У меня есть несколько файлов Stata, которые я хотел бы прочитать как отдельные фреймы данных, выбирая из каждого c переменные.
Это следующие файлы:
a_hhresp.dta
b_hhresp.dta
c_hhresp.dta
d_hhresp.dta
etc.
Переменные, которые я хочу получить каждый из них:
a_hidp, a_fihhmnnet1_dv, a_ieqmoecd_dv
b_hidp, b_fihhmnnet1_dv, b_ieqmoecd_dv
etc.
Вот что у меня сейчас есть:
hh1 <- read_dta("a_hhresp.dta", col_select=c("a_hidp", "a_fihhmnnet1_dv", "a_ieqmoecd_dv"))
hh2 <- read_dta("b_hhresp.dta", col_select=c("b_hidp", "b_fihhmnnet1_dv", "b_ieqmoecd_dv"))
hh3 <- read_dta("c_hhresp.dta", col_select=c("c_hidp", "c_fihhmnnet1_dv", "c_ieqmoecd_dv"))
hh4 <- read_dta("d_hhresp.dta", col_select=c("d_hidp", "d_fihhmnnet1_dv", "d_ieqmoecd_dv"))
hh5 <- read_dta("e_hhresp.dta", col_select=c("e_hidp", "e_fihhmnnet1_dv", "e_ieqmoecd_dv"))
hh6 <- read_dta("f_hhresp.dta", col_select=c("f_hidp", "f_fihhmnnet1_dv", "f_ieqmoecd_dv"))
hh7 <- read_dta("g_hhresp.dta", col_select=c("g_hidp", "g_fihhmnnet1_dv", "g_ieqmoecd_dv"))
hh8 <- read_dta("h_hhresp.dta", col_select=c("h_hidp", "h_fihhmnnet1_dv", "h_ieqmoecd_dv"))
hh9 <- read_dta("i_hhresp.dta", col_select=c("i_hidp", "i_fihhmnnet1_dv", "i_ieqmoecd_dv"))
Это, конечно, плохая форма, ненужное копирование-вставка - должно быть возможно сделать это с помощью итерации строка или две. И если я смогу решить, как это сделать для этого компонента, то, возможно, я смогу использовать то, что я узнал, для более эффективного выполнения других задач.
Я имел в виду использовать lapply (предварительно создав список файлов), но я не вижу способа выделить столбцы на начальном этапе.

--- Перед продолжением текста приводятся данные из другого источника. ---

(* Let $(I,\le)$ be a directed partially ordered set and let $(R_i,\varphi_{ij})_{i\le j}$ be a directed system of rings and ring homomorphisms indexed by $I$ (so $\varphi_{ii}=\mathrm{id}$ and $\varphi_{jk}\circ\varphi_{ij}=\varphi_{ik}$ for $i\le j\le k$). If each $R_i$ satisfies the irreducible intersection property, then $\operatorname{colim}_{i\in I}R_i$ satisfies the irreducible intersection property.
   Context: All rings are commutative with $1$. A ring $R$ satisfies the irreducible intersection property if for any prime ideals $p_1,p_2\subset R$, either $p_1+p_2=R$ or $p_1+p_2$ is a prime ideal. A partially ordered set $I$ is directed if for all $i,j\in I$ there is $k\in I$ with $i,j\le k$. *)

(* Rings: comPzRingType (commutative with 1, zero ring allowed). *)
From HB Require Import structures.
From mathcomp Require Import all_boot all_order all_algebra.
Set Implicit Arguments. Unset Strict Implicit. Unset Printing Implicit Defensive.
Import GRing.Theory.
Local Open Scope ring_scope.

Definition is_ideal (R : comPzRingType) (P : R -> Prop) : Prop :=
  P 0 /\ (forall a b, P a -> P b -> P (a + b)) /\ (forall r a, P a -> P (r * a)).

Definition is_prime_ideal (R : comPzRingType) (P : R -> Prop) : Prop :=
  is_ideal P /\ ~ P 1 /\ (forall a b, P (a * b) -> P a \/ P b).

Definition ideal_sum (R : comPzRingType) (P Q : R -> Prop) : R -> Prop :=
  fun x => exists a b, P a /\ Q b /\ x = a + b.

Definition irreducible_intersection_property (R : comPzRingType) : Prop :=
  forall p1 p2 : R -> Prop, is_prime_ideal p1 -> is_prime_ideal p2 ->
    (forall x, ideal_sum p1 p2 x) \/ is_prime_ideal (ideal_sum p1 p2).

Definition directed_poset (I : Type) (le : I -> I -> Prop) : Prop :=
  (forall i, le i i) /\
  (forall i j k, le i j -> le j k -> le i k) /\
  (forall i j, le i j -> le j i -> i = j) /\
  (forall i j, exists k, le i k /\ le j k).

Definition directed_system (I : Type) (le : I -> I -> Prop)
    (R : I -> comPzRingType)
    (phi : forall i j, le i j -> {rmorphism R i -> R j}) : Prop :=
  (forall i (h : le i i) (x : R i), phi i i h x = x) /\
  (forall i j k (hij : le i j) (hjk : le j k) (hik : le i k) (x : R i),
      phi j k hjk (phi i j hij x) = phi i k hik x).

Definition compatible_cocone (I : Type) (le : I -> I -> Prop)
    (R : I -> comPzRingType)
    (phi : forall i j, le i j -> {rmorphism R i -> R j})
    (S : comPzRingType) (g : forall i, {rmorphism R i -> S}) : Prop :=
  forall i j (hij : le i j) (x : R i), g j (phi i j hij x) = g i x.

Definition is_colimit (I : Type) (le : I -> I -> Prop)
    (R : I -> comPzRingType)
    (phi : forall i j, le i j -> {rmorphism R i -> R j})
    (L : comPzRingType) (f : forall i, {rmorphism R i -> L}) : Prop :=
  compatible_cocone phi f /\
  forall (S : comPzRingType) (g : forall i, {rmorphism R i -> S}),
    compatible_cocone phi g ->
    exists h : {rmorphism L -> S},
      (forall i (x : R i), h (f i x) = g i x) /\
      (forall h' : {rmorphism L -> S},
         (forall i (x : R i), h' (f i x) = g i x) -> forall y, h' y = h y).

(* The proof rests on one transfer principle (iip_of_lifts): a ring B has
   the IIP as soon as any four elements of B are simultaneously the images,
   under a ring morphism g : A -> B, of elements of some ring A having the
   IIP.  Indeed, if 1 \notin p1 + p2 and a * b = u + v with u \in p1,
   v \in p2, then pulling p1, p2 back along g gives primes of A whose sum
   contains the lift of a * b but not 1, hence is prime in A, so the lift of
   a or of b lies in it and its image lies in p1 + p2.

   For a colimit L of a directed system (R_i), every element of L is either
   an integer multiple of 1 or the image of an element of some R_i
   (colimit_elements): the subring of such elements receives a compatible
   cocone, and the uniqueness part of the universal property forces it to be
   all of L.  When I is nonempty, directedness then puts four elements at a
   common stage R_k, which has the IIP; when I is empty, L is a quotient of
   int, and int has the IIP (int_iip). *)
From HB Require Import structures.
From mathcomp Require Import all_boot all_order all_algebra.
From Stdlib Require Import Classical ClassicalEpsilon.
Set Implicit Arguments. Unset Strict Implicit. Unset Printing Implicit Defensive.
Import GRing.Theory.
Local Open Scope ring_scope.

Lemma prime_ideal_ext (R : comPzRingType) (P Q : R -> Prop) :
  (forall x, P x <-> Q x) -> is_prime_ideal Q -> is_prime_ideal P.
Proof.
move=> e [[h0 [hD hM]] [h1 hp]]; split; [split; [|split]|split].
- by apply/e.
- by move=> a b /e ha /e hb; apply/e; auto.
- by move=> r a /e ha; apply/e; auto.
- by move/e.
- by move=> a b /e /hp [] ?; [left|right]; apply/e.
Qed.

Lemma ideal_sum_is_ideal (R : comPzRingType) (P Q : R -> Prop) :
  is_ideal P -> is_ideal Q -> is_ideal (ideal_sum P Q).
Proof.
move=> [p0 [pD pM]] [q0 [qD qM]]; split; [|split].
- by exists 0, 0; rewrite addr0.
- move=> x y [a [b [pa [qb ->]]]] [c [d [pc [qd ->]]]].
  exists (a + c), (b + d); split; [exact: pD|split; [exact: qD|]].
  by rewrite addrACA.
- move=> r x [a [b [pa [qb ->]]]]; exists (r * a), (r * b).
  by split; [exact: pM|split; [exact: qM|rewrite mulrDr]].
Qed.

Lemma ideal_sum_comm (R : comPzRingType) (P Q : R -> Prop) x :
  ideal_sum P Q x <-> ideal_sum Q P x.
Proof. by split=> -[a [b [pa [qb ->]]]]; exists b, a; rewrite addrC. Qed.

Lemma ideal_sum_absorb (R : comPzRingType) (P Q : R -> Prop) :
  is_ideal P -> is_ideal Q -> (forall x, P x -> Q x) ->
  forall x, ideal_sum P Q x <-> Q x.
Proof.
move=> [p0 _] [_ [qD _]] sPQ x; split.
- by move=> [a [b [pa [qb ->]]]]; apply: qD => //; apply: sPQ.
- by move=> qx; exists 0, x; rewrite add0r.
Qed.

Lemma ideal_sum_full (R : comPzRingType) (P Q : R -> Prop) :
  is_ideal P -> is_ideal Q -> ideal_sum P Q 1 -> forall x, ideal_sum P Q x.
Proof.
move=> [_ [_ pM]] [_ [_ qM]] [a [b [pa [qb e]]]] x.
exists (x * a), (x * b); split; [exact: pM|split; [exact: qM|]].
by rewrite -mulrDr -e mulr1.
Qed.
(* The product with f s turns a sign change of f into a decrease from
   f(s)^2 > 0 to a negative value, so a single IVT call suffices. *)
Lemma nonvanishing_same_sign (f : R -> R) (p q : R) :
  (forall t, p < t < q -> continuity_pt f t) ->
  (forall t, p < t < q -> f t <> 0) ->
  forall s t, p < s < q -> p < t < q -> 0 < f s * f t.
Proof.
  intros Hc Hnz.
  assert (Hlt : forall s t, p < s < q -> p < t < q -> s < t -> 0 < f s * f t).
  { intros s t Hs Ht Hst.
    assert (Hprod : f s * f t <> 0).
    { apply Rmult_integral_contrapositive; split; [apply Hnz, Hs | apply Hnz, Ht]. }
    destruct (Rlt_or_le 0 (f s * f t)) as [Hpos | Hle]; [exact Hpos | exfalso].
    assert (Hfs2 : 0 < f s * f s) by (specialize (Hnz s Hs); nra).
    assert (Hcont : forall x, p < x < q -> continuity_pt (fun y => f s * f y) x).
    { intros x Hx. apply continuity_pt_mult; [apply continuity_pt_const; intros ? ? |]; auto. }
    destruct (IVT_Rbar_decr (fun y => f s * f y) (Finite s) (Finite t)
                (Finite (f s * f s)) (Finite (f s * f t)) 0)
      as [z [Hsz [Hzt Hz]]]; simpl.
    - apply (is_lim_continuity (fun y => f s * f y)), Hcont, Hs.
    - apply (is_lim_continuity (fun y => f s * f y)), Hcont, Ht.
    - intros x Hsx Hxt; apply Hcont; simpl in *; lra.
    - exact Hst.
    - lra.
    - simpl in *. apply Rmult_integral in Hz as [H0 | H0];
        [apply (Hnz s) | apply (Hnz z)]; auto; lra. }
  intros s t Hs Ht.
  destruct (Rtotal_order s t) as [Hst | [-> | Hts]].
  - exact (Hlt s t Hs Ht Hst).
  - specialize (Hnz t Ht); nra.
  - rewrite Rmult_comm; exact (Hlt t s Ht Hs Hts).
Qed.
(* For every $\mathcal{L}_{A}^{\Box}$-formula $\varphi$ the following are equivalent: (1) there exists a closed complete $\mathsf{LK'(A)}$-tableau for $\varphi$; (2) $\varphi$ is $\mathsf{LK(A)}$-derivable; (3) $\varphi$ is $\mathsf{K(A)}$-valid.
   Context: $\mathcal{L}_{A}^{\Box}$-formulas are built from a countably infinite set $\mathrm{Var}$ of variables with binary $\wedge,\vee,\&,\to$, constant $\overline{0}$, unary $\Box$; complexity of a formula = number of connective occurrences. A $\mathsf{K(A)}$-model $\langle W,R,V\rangle$: nonempty $W$, $R\subseteq W\times W$, $V\colon\mathrm{Var}\times W\to[-r,r]$ for some real $r\ge0$, extended by $\wedge=\min$, $\vee=\max$, $\&=+$, $V(\varphi\to\psi,x)=V(\psi,x)-V(\varphi,x)$, $V(\overline{0},x)=0$, $V(\Box\varphi,x)=\inf_{\mathbb{R}}\{V(\varphi,y):Rxy\}$ (empty infimum $=0$). $\varphi$ is $\mathsf{K(A)}$-valid if $V(\varphi,x)\ge0$ in all models at all worlds. Calculus $\mathsf{LK(A)}$: a labelled formula is a pair $\varphi^{k}$ (formula, natural number); $n\,\varphi^{k}$ denotes $n$ copies. Nodes are labelled inequations $\Gamma\rhd\Delta$ ($\rhd\in\{>,\ge\}$, $\Gamma,\Delta$ finite multisets of labelled formulas) or relations $rij$. A tableau is a finite tree of nodes grown by rules: if the nodes above the line occur on a branch, the branch may be extended by the nodes below, except branching rules, which split the branch into two, each extended by one alternative; $\rhd$ is preserved. Rules: ($\overline{0}\rhd$) $\Gamma,\overline{0}^{i}\rhd\Delta$ gives $\Gamma\rhd\Delta$; ($\rhd\overline{0}$) $\Gamma\rhd\overline{0}^{i},\Delta$ gives $\Gamma\rhd\Delta$; ($\&\rhd$) $\Gamma,(\varphi\&\psi)^{i}\rhd\Delta$ gives $\Gamma,\varphi^{i},\psi^{i}\rhd\Delta$; ($\rhd\&$) $\Gamma\rhd(\varphi\&\psi)^{i},\Delta$ gives $\Gamma\rhd\varphi^{i},\psi^{i},\Delta$; ($\to\rhd$) $\Gamma,(\varphi\to\psi)^{i}\rhd\Delta$ gives $\Gamma,\psi^{i}\rhd\varphi^{i},\Delta$; ($\rhd\to$) $\Gamma\rhd(\varphi\to\psi)^{i},\Delta$ gives $\Gamma,\varphi^{i}\rhd\psi^{i},\Delta$; ($\wedge\rhd$) $\Gamma,(\varphi\wedge\psi)^{i}\rhd\Delta$ gives both $\Gamma,\varphi^{i}\rhd\Delta$ and $\Gamma,\psi^{i}\rhd\Delta$; ($\rhd\wedge$, branching) $\Gamma\rhd(\varphi\wedge\psi)^{i},\Delta$ gives $\Gamma\rhd\varphi^{i},\Delta$ or $\Gamma\rhd\psi^{i},\Delta$; ($\vee\rhd$, branching) $\Gamma,(\varphi\vee\psi)^{i}\rhd\Delta$ gives $\Gamma,\varphi^{i}\rhd\Delta$ or $\Gamma,\psi^{i}\rhd\Delta$; ($\rhd\vee$) $\Gamma\rhd(\varphi\vee\psi)^{i},\Delta$ gives both $\Gamma\rhd\varphi^{i},\Delta$ and $\Gamma\rhd\psi^{i},\Delta$; ($\Box\rhd$) from $rij$ and $\Gamma,(\Box\varphi)^{i}\rhd\Delta$ add $\varphi^{j}\ge(\Box\varphi)^{i}$; ($\rhd\Box$) from $\Gamma\rhd(\Box\varphi)^{i},\Delta$ add $(\Box\varphi)^{i}\ge\varphi^{j}$ and $rij$, $j$ a new label; (ex) from $rik$ add $rkj$, $j$ new. The system associated to a branch consists of the inequations on it containing only labelled formulas $p^{i}$ ($p\in\mathrm{Var}$) and $(\Box\psi)^{i}$, treated as real variables with each side read as a sum (empty sum $=0$); a branch is closed if the system is unsatisfiable over $\mathbb{R}$, a tableau is closed if all branches are. A tableau for $\varphi$ has root $[\,]>[\varphi^{1}]$ followed by $r12$; $\varphi$ is $\mathsf{LK(A)}$-derivable if some tableau for $\varphi$ is closed. Calculus $\mathsf{LK'(A)}$: for each formula $\Box\varphi$ introduce a new variable $[\Box\varphi]$; $\mathrm{Var}^{*}=\mathrm{Var}\cup\{[\Box\varphi]\}$, formulas are over $\mathrm{Var}^{*}$; the complexity of a labelled inequation is the sum of complexities of its formula occurrences. $\mathsf{LK'(A)}$ has the rules of $\mathsf{LK(A)}$ for $\overline{0},\&,\to,\wedge,\vee$ and (ex), with the two box rules replaced by: ($\Box\rhd'$) from relations $rij_1,\dots,rij_s$ and inequations $\Gamma_t,n_t(\Box\varphi)^{i}\rhd\Delta_t$ ($t=1,\dots,m$) add $\varphi^{j_1}\ge[\Box\varphi]^{i},\dots,\varphi^{j_s}\ge[\Box\varphi]^{i}$ and $\Gamma_t,n_t[\Box\varphi]^{i}\rhd\Delta_t$ ($t=1,\dots,m$); ($\rhd\Box'$) from $\Gamma_t\rhd n_t(\Box\varphi)^{i},\Delta_t$ ($t=1,\dots,m$) add $[\Box\varphi]^{i}\ge\varphi^{j}$, $rij$ and $\Gamma_t\rhd n_t[\Box\varphi]^{i},\Delta_t$ ($t=1,\dots,m$), with $j$ new. Closedness is as for $\mathsf{LK(A)}$ except that the associated system consists of the inequations containing only labelled formulas $q^{i}$ with $q\in\mathrm{Var}^{*}$. A complete $\mathsf{LK'(A)}$-tableau for $\varphi$ is built as follows, marking inequations active/inactive: (1) start with the active inequation $[\,]>[\varphi^{1}]$ and relation $r12$; (2) if all active labelled inequations have complexity $0$, stop; (3) apply the rules for $\overline{0},\&,\to,\wedge,\vee$ exhaustively to active inequations, making the premise inactive and the conclusions active after each application; (4) fix $i$ such that some $(\Box\psi)^{i}$ occurs in an active inequation, and apply (ex) to every branch $B$ containing $(\Box\chi)^{i}$ for some $\Box\chi$ in an active inequation, obtaining relations $rik_B$ for new $k_B$; (5) for each $(\Box\psi)^{i}$ occurring on the right of an active inequation, apply ($\rhd\Box'$) to the collection of all active inequations $\Gamma_t\rhd n_t(\Box\psi)^{i},\Delta_t$ on a branch (with $(\Box\psi)^{i}$ not in $\Delta_t$), making premises inactive and conclusions active; (6) for each $(\Box\psi)^{i}$ occurring on the left of an active inequation, apply ($\Box\rhd'$) to all active inequations $\Gamma_t,n_t(\Box\psi)^{i}\rhd\Delta_t$ (with $(\Box\psi)^{i}$ not in $\Gamma_t$) and all relations $rij_1,\dots,rij_s$ on a branch, making premises inactive and conclusions active; (7) repeat from (2). *)

From Stdlib Require Import Reals List Permutation Relations ClassicalEpsilon.
From Coquelicot Require Import Rbar Lub.
Import ListNotations.
Open Scope R_scope.
Lemma amalg_hom_unique (G3 : group) (G0 G1 G2 : G3 -> Prop) (x : try G3)
  (f f' : G3 -> tU x -> tU x) :
  is_try G0 G1 G2 x -> is_subgroup G1 -> (forall a, G0 a -> G1 a) ->
  (forall a, generated (fun y => G1 y \/ G2 y) a) ->
  amalg_hom G0 G1 G2 x f -> amalg_hom G0 G1 G2 x f' ->
  forall a u, inU G0 x u -> f a u = f' a u.
Proof.
  intros Hx HG1 G01 Gen Hf Hf' a.
  pose proof Hf as [_ [Mf [F1 F2]]]. pose proof Hf' as [_ [Mf' [F1' F2']]].
  induction (Gen a) as [b [Hb | Hb] | | b c _ IHb _ IHc | b _ IHb]; intros u Hu.
  - rewrite F1, F1'; auto.
  - rewrite F2, F2'; auto.
  - rewrite !(amalg_hom_one Hx HG1 G01) by assumption. reflexivity.
  - rewrite Mf, Mf', IHb by exact Hu.
    apply IHc, (amalg_hom_in Hx Hf'), Hu.
  - set (v := f' (ginv b) u).
    assert (Hv : inU G0 x v) by apply (amalg_hom_in Hx Hf'), Hu.
    assert (Ev : f b v = u).
    { rewrite IHb by exact Hv. apply (amalg_hom_VK Hx HG1 G01 Hf'), Hu. }
    rewrite <- Ev. apply (amalg_hom_K Hx HG1 G01 Hf), Hv.
Qed.

Lemma NF_fin_inter (G3 : group) (G0 G1 G2 : G3 -> Prop) :
  NF_fin G0 G1 G2 -> forall a, G1 a -> G2 a -> G0 a.
Proof.
  intros [S0 [_ [_ [_ [_ [_ [LF [_ [_ [_ [Univ _]]]]]]]]]]] a A1 A2.
  destruct (@coset_reps_exist G3 (image_of G0 (fun g => g))) as [I [HI I1]].
  { apply image_subgroup; [exact S0 | intros g h; reflexivity]. }
  set (x := @Try G3 G3 G3 (fun g => g) (fun g => g) I I).
  assert (Hx : is_try G0 G1 G2 x).
  { repeat split; auto; intros g h _ _; auto. }
  destruct (Univ x Hx) as [f [_ [_ [F1 F2]]]].
  set (u := (gone, gone, gone) : tU x).
  assert (Hu : inU G0 x u) by (repeat split; auto; apply S0).
  assert (E : j1 G0 x a u = j2 G0 x a u)
    by (transitivity (f a u); [symmetry; apply F1 | apply F2]; auto).
  destruct (@j1_spec G3 G0 x HI a u Hu) as [[B0 _] [B2 P1]].
  destruct (@j2_spec G3 G0 x HI a u Hu) as [_ [B1 _]].
  rewrite <- E in B1. unfold pos1 in P1. simpl in *.
  rewrite B1, !gmul1l in P1. rewrite P1 in B0. exact B0.
Qed.
Lemma termA_eq (n : nat) : termA n = (h_alpha (n + 3) - h_alpha (n + 2)) / INR (n + 2).
Proof.
  unfold termA, h_alpha; cbv zeta. rewrite beta_eq.
  assert (G := alpha_ge n). set (a := (alpha (n + 2) - 1)%nat).
  replace (alpha (n + 2)) with (S a) by (unfold a; lia).
  replace (S (n + 2)) with (n + 3)%nat by lia.
  replace (alpha (n + 3) - 1)%nat with (S a + (n + 1))%nat
    by (replace (n + 3)%nat with (S (n + 2)) by lia; rewrite alpha_succ; unfold a; lia).
  rewrite sum_n_m_inv. unfold Rdiv. ring.
Qed.

Lemma termB_eq (n : nat) : termB n = h_alpha (n + 3) / (INR (n + 2) * INR (n + 3)).
Proof.
  unfold termB, h_alpha; cbv zeta. replace (n + 2 + 1)%nat with (n + 3)%nat by lia.
  rewrite INR_add_3. f_equal. ring.
Qed.

Lemma termC_eq (n : nat) :
  termC n = 2 * termB n - euler_gamma * (2 / (INR (n + 2) * INR (n + 3))).
Proof.
  unfold termC; cbv zeta. rewrite termB_eq. unfold h_alpha.
  assert (G := alpha_ge n).
  assert (E3 : alpha (n + 3) = (alpha (n + 2) + (n + 2))%nat)
    by (replace (n + 3)%nat with (S (n + 2)) by lia; apply alpha_succ).
  set (i := (alpha (n + 3) - 3)%nat).
  assert (Ei : alpha (n + 3) = S (S (S i))) by (unfold i; lia).
  assert (TI := INR_alpha (n + 3)). rewrite Ei in TI |- *.
  rewrite digamma_nat. replace (S (S (S i)) - 1)%nat with (S (S i)) by lia.
  rewrite INR_add_3 in TI |- *. assert (Hn := pos_INR n). rewrite plus_INR in *. simpl in Hn.
  replace (INR (S (S (S i)))) with ((INR n + INR 2) * (INR n + INR 2 + 1) / 2) by lra.
  simpl (INR 2). field. nra.
Qed.
(* Let $(X,\tau)$ be a locally convex-solid Riesz space with topological dual $X^*$, and let $X_+=\{x\in X: x\ge 0\}$ and $X^*_+=\{\xi\in X^*:\langle x,\xi\rangle\ge 0 \text{ for all } x\in X_+\}$. Assume that there exists a $\sigma(X^*,X)$-compact set $\Gamma\subset X^*_+$ such that the convex cone generated by $\Gamma$ is $\sigma(X^*,X)$-dense in $X^*_+$. Let $C\subset X$ be a convex cone satisfying $C\cap X_+=\{0\}$, and let $C^\circ=\{\xi\in X^*:\langle x,\xi\rangle\le 0 \text{ for all } x\in C\}$. Then for any $f\in X^*$ the following conditions are equivalent: (i) there exists a convex solid $\tau$-neighbourhood of zero $V$ such that $\sup_{x\in C_V}\langle x,f\rangle<+\infty$, where $C_V=\{x\in C: x^-\in V\}$; (ii) there exists $g\in C^\circ$ such that $g\ge f$.
   Context: A locally convex-solid Riesz space is a vector lattice $X$ endowed with a linear topology $\tau$ having a local base at zero consisting of convex solid sets. A set $V\subset X$ is solid if $x\in V$ and $|y|\le|x|$ imply $y\in V$. For $x\in X$, $x^+$, $x^-$, $|x|$ denote its positive part, negative part and absolute value. $X^*$ is ordered by the dual cone $X^*_+$: $g\ge f$ means $g-f\in X^*_+$. $\sigma(X^*,X)$ denotes the weak-star topology on $X^*$. *)

From HB Require Import structures.
From mathcomp Require Import all_boot all_order all_algebra.
From mathcomp Require Import all_classical all_reals all_analysis.
Set Implicit Arguments. Unset Strict Implicit. Unset Printing Implicit Defensive.
Import Order.TTheory GRing.Theory Num.Theory numFieldTopology.Exports.
Local Open Scope classical_set_scope.
Local Open Scope ring_scope.

Section RieszDefs.
Variables (R : realType) (X : lmodType R).
Variables (le : X -> X -> Prop) (join : X -> X -> X).

Definition is_riesz_space : Prop :=
  [/\ (forall x, le x x),
      (forall x y, le x y -> le y x -> x = y),
      (forall x y z, le x y -> le y z -> le x z) /\
      (forall x y z, le x y -> le (x + z) (y + z)),
      (forall (a : R) x y, 0 <= a -> le x y -> le (a *: x) (a *: y))
    & (forall x y, [/\ le x (join x y), le y (join x y) &
                     forall z, le x z -> le y z -> le (join x y) z])].

Definition rpos (x : X) : X := join x 0.
Definition rneg (x : X) : X := join (- x) 0.
Definition rabs (x : X) : X := join x (- x).

Definition solid (V : set X) : Prop :=
  forall x y, V x -> le (rabs y) (rabs x) -> V y.

Definition poscone : set X := [set x | le 0 x].

Definition convex_cone (C : set X) : Prop :=
  (forall x y, C x -> C y -> C (x + y)) /\
  (forall (a : R) x, 0 <= a -> C x -> C (a *: x)) /\
  convex_set (C : set (convex_lmodType X)).
End RieszDefs.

Я стараюсь избегать написания отдельных строк для таких задач - спасибо за любые предложения.
EDIT
Это большой набор данных панели («Understanding Society» в Великобритании) с 9 волнами (пока) и несколькими файлами на волну. То, что я описал выше, соответствует данным на уровне домашних хозяйств.
После создания списка («listhh») я могу сосчитать:
dfhh <- lapply(listhh, function(x) read_dta(x))
Это работает, но требует всего переменные - значит, список фреймов данных очень велик.
При использовании lapply я не вижу ничего, что работало бы с опцией col_select, потому что префиксы переменных разные для каждого файла.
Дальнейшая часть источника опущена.